# [DATA TO EXAMINE]

Lemma orthJ_clopen e : orthJ e (1 - e) ->
  [/\ max_closed (Vmax e), max_closed (fun P => ~ Vmax e P),
      max_closed (Vmax (1 - e)) & max_closed (fun P => ~ Vmax (1 - e) P)].
Proof.
move=> eJ.
have one P : Vmax e P \/ Vmax (1 - e) P by case: P => M maxM; apply: maximal_ideal_split.
have not_both P : Vmax e P -> Vmax (1 - e) P -> False.
  by case: P => M maxM; apply: maximal_ideal_compl.
split; try exact: max_closed_Vmax.
- apply: max_closed_iff (max_closed_Vmax (1 - e)) => P.
  by split=> [M1e Me|nMe]; [apply: not_both Me M1e | case: (one P)].
- apply: max_closed_iff (max_closed_Vmax e) => P.
  by split=> [Me M1e|nM1e]; [apply: not_both Me M1e | case: (one P)].
Qed.

Lemma feckly_clean_strongly_zero_dimensional :
  feckly_clean R -> strongly_zero_dimensional (@max_closed R).
Proof.
move=> fc A B [I [hI AI]] [K [hK BK]] AB.
have [|i [k [Ii Kk ik]]] := ideal_add_one hI hK.
  by move=> M maxM IM KM; apply: (AB (exist _ M maxM)); split; [apply/AI | apply/BK].
have [e [u [ieu fu eJ]]] := fc i.
have [ce cne c1e cn1e] := orthJ_clopen eJ.
exists (Vmax (1 - e)), (Vmax e); split => //.
- by move=> [M maxM] [M1e Me]; apply: maximal_ideal_compl maxM Me M1e.
- move=> [M maxM] /AI IM; have [Me|//] := maximal_ideal_split maxM eJ.
  by exfalso; apply: (full_sub_maximal maxM fu (IM _ Ii) Me); rewrite ieu addrC addKr.
- move=> [M maxM] /BK KM; have [//|M1e] := maximal_ideal_split maxM eJ.
  exfalso; apply: (full_sub_maximal maxM fu M1e (KM _ Kk)).
  by rewrite -ik ieu addrAC addrK addrC addKr.
Qed.

Definition maximal_separated := forall M N, maximal_ideal M -> maximal_ideal N ->
  (exists x, ~ (M x <-> N x)) -> exists a b, [/\ ~ M a, ~ N b & orthJ a b].

Lemma feckly_clean_maximal_separated : feckly_clean R -> maximal_separated.
Proof.
move=> fc M N maxM maxN [x MNx].
have [|m [n [Mm Nn mn]]] :=
  ideal_add_one (maximal_ideal_ideal maxM) (maximal_ideal_ideal maxN).
  move=> L maxL ML NL; apply: MNx.
  by split=> [/ML/(maximal_ideal_sub maxN maxL NL) | /NL/(maximal_ideal_sub maxM maxL ML)].
have [e [u [meu fu eJ]]] := fc m.
exists e, (1 - e); split => // [Me | N1e].
- by apply: (full_sub_maximal maxM fu Mm Me); rewrite meu addrC addKr.
- apply: (full_sub_maximal maxN fu N1e Nn).
  by rewrite -mn meu addrAC addrK addrC addKr.
Qed.

Lemma not_subsetR I M : ~ subsetR I M -> exists2 x, I x & ~ M x.
Proof.
move=> nIM; apply: contrapT => no_x; apply: nIM => x Ix.
by apply: contrapT => nMx; apply: no_x; exists x.
Qed.

Section LiftClopen.
Variables I K : R -> Prop.
Hypotheses (hI : is_ideal I) (hK : is_ideal K).
Hypothesis cover : forall M, maximal_ideal M -> subsetR I M \/ subsetR K M.
Hypothesis disjoint : forall M, maximal_ideal M -> subsetR I M -> subsetR K M -> False.
Hypothesis separated : maximal_separated.

Lemma exists_orthJ_lift : exists d k, [/\ I (1 - d), K k & orthJ d (1 - k)].
Proof.
have [|k [b [Kk [d Id db] kb]]] := ideal_add_one hK (orthJ_one_mod_ideal hI).
  move=> N maxN KN BN.
  have [|c [x [Ic [b nNb xb] cx]]] := ideal_add_one hI (orthJ_outside_ideal maxN).
    move=> M maxM IM AM.
    have [y Iy nNy] := not_subsetR (fun IN => disjoint maxN IN KN).
    have [|a [b [nMa nNb ab]]] := separated maxM maxN.
      by exists y => MNy; apply/nNy/MNy/IM.
    by apply/nMa/AM; exists b.
  by apply/nNb/BN; exists x; rewrite // -cx addrK.
have bE : 1 - k = b by rewrite -kb addrC addKr.
by exists d, k; rewrite bE.
Qed.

# [DESCRIPTION OF THE TASK]
Every line above with the word "maxL" belongs in the answer, copied as written.

# [SOLUTION BELOW]
  move=> L maxL ML NL; apply: MNx.
  by split=> [/ML/(maximal_ideal_sub maxN maxL NL) | /NL/(maximal_ideal_sub maxM maxL ML)].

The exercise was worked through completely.